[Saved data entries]
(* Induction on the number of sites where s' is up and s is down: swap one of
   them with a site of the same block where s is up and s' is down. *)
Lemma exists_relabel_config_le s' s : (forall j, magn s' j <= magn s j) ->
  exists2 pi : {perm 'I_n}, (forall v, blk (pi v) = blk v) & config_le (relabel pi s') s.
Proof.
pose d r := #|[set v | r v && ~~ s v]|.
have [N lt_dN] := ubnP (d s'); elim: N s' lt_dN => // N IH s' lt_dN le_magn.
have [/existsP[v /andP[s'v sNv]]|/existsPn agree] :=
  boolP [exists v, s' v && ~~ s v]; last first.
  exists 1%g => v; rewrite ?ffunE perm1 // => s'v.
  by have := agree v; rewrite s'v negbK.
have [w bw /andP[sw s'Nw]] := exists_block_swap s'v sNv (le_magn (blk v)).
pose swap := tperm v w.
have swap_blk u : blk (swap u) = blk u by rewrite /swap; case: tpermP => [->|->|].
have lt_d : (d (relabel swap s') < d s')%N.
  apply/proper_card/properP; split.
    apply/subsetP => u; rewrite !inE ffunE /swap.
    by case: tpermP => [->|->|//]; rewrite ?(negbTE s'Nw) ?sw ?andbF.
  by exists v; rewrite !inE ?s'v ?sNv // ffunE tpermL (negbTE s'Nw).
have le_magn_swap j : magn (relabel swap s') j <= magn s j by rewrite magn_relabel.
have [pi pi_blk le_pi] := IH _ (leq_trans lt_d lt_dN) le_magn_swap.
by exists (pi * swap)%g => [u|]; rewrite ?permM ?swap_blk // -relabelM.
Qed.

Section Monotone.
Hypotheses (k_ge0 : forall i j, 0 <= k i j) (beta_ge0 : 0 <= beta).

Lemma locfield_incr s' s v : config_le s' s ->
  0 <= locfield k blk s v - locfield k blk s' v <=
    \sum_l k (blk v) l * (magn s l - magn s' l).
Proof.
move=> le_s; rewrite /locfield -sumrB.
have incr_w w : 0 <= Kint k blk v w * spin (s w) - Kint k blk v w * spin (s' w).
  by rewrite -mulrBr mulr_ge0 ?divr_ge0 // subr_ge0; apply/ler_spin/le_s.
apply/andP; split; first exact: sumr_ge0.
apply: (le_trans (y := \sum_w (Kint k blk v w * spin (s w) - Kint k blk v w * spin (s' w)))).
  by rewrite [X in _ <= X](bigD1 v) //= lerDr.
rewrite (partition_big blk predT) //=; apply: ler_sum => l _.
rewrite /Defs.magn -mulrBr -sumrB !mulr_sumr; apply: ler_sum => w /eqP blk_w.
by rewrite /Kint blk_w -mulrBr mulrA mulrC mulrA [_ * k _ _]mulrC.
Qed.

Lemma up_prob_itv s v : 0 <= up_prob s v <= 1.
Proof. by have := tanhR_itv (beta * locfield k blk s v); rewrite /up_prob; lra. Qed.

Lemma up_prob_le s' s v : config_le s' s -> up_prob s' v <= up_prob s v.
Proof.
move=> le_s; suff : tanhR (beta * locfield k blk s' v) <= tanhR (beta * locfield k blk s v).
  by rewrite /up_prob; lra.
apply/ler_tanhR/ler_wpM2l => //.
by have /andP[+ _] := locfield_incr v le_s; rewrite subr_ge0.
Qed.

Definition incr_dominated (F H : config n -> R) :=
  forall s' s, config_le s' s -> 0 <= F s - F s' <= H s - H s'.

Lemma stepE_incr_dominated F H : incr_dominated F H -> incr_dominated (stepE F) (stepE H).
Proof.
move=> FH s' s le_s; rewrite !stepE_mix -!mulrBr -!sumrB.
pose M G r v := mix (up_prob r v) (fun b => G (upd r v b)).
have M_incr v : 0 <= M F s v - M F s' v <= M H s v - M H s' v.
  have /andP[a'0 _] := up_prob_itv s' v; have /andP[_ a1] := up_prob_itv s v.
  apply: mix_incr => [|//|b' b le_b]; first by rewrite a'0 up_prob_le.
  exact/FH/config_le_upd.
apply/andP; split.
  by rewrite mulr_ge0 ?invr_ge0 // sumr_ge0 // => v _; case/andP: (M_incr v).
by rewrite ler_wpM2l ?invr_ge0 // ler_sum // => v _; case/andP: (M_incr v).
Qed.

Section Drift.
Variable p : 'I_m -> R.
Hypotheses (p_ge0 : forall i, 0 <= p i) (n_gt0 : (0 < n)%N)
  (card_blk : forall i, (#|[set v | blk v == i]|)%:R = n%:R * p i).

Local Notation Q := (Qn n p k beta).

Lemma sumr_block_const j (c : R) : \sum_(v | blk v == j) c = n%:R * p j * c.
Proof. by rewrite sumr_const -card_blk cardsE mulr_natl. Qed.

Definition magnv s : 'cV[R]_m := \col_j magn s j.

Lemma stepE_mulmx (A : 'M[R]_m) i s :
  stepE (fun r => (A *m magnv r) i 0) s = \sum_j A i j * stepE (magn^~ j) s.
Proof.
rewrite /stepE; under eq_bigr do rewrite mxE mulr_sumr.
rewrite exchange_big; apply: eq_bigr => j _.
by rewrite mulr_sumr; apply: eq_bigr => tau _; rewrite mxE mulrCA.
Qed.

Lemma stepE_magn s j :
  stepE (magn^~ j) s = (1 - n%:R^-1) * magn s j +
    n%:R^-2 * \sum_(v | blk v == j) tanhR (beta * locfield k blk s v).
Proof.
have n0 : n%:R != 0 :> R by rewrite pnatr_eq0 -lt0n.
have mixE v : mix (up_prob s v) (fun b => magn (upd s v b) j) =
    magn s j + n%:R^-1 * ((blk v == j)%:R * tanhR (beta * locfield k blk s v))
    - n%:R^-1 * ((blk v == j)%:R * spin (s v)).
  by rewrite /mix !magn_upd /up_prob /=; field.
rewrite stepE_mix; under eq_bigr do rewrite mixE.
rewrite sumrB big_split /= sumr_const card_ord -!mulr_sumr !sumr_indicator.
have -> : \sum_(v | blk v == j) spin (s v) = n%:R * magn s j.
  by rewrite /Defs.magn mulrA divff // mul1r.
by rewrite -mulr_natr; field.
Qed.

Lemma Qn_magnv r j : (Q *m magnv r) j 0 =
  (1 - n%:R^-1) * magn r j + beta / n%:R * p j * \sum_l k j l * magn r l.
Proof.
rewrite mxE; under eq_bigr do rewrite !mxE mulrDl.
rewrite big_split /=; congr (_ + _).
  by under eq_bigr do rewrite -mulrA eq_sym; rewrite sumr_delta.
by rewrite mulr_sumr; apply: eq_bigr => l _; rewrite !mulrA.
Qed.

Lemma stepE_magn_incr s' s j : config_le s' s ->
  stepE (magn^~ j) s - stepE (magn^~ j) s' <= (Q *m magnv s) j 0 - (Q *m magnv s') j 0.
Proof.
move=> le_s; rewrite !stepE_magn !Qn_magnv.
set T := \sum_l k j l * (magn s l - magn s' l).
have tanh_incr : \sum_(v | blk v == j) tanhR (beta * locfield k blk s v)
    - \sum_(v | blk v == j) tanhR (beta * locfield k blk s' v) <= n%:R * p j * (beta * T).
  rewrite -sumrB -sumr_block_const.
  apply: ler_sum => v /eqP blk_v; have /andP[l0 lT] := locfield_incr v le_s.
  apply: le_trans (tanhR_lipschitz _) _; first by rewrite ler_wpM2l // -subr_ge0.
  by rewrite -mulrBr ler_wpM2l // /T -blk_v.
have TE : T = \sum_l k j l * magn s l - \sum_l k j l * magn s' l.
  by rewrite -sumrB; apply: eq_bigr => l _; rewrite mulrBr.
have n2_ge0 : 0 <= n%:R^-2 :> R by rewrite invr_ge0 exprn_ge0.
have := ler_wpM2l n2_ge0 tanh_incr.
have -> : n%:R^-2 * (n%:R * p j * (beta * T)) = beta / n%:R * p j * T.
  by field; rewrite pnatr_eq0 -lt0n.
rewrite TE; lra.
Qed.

BRIEF. Beginning at the line above that contains "by exists (pi", return each line exactly through the line that contains "move=> le_s; rewrite /locfield -sumrB.", and no others.

RESPONSE.
by exists (pi * swap)%g => [u|]; rewrite ?permM ?swap_blk // -relabelM.
Qed.

Section Monotone.
Hypotheses (k_ge0 : forall i j, 0 <= k i j) (beta_ge0 : 0 <= beta).

Lemma locfield_incr s' s v : config_le s' s ->
  0 <= locfield k blk s v - locfield k blk s' v <=
    \sum_l k (blk v) l * (magn s l - magn s' l).
Proof.
move=> le_s; rewrite /locfield -sumrB.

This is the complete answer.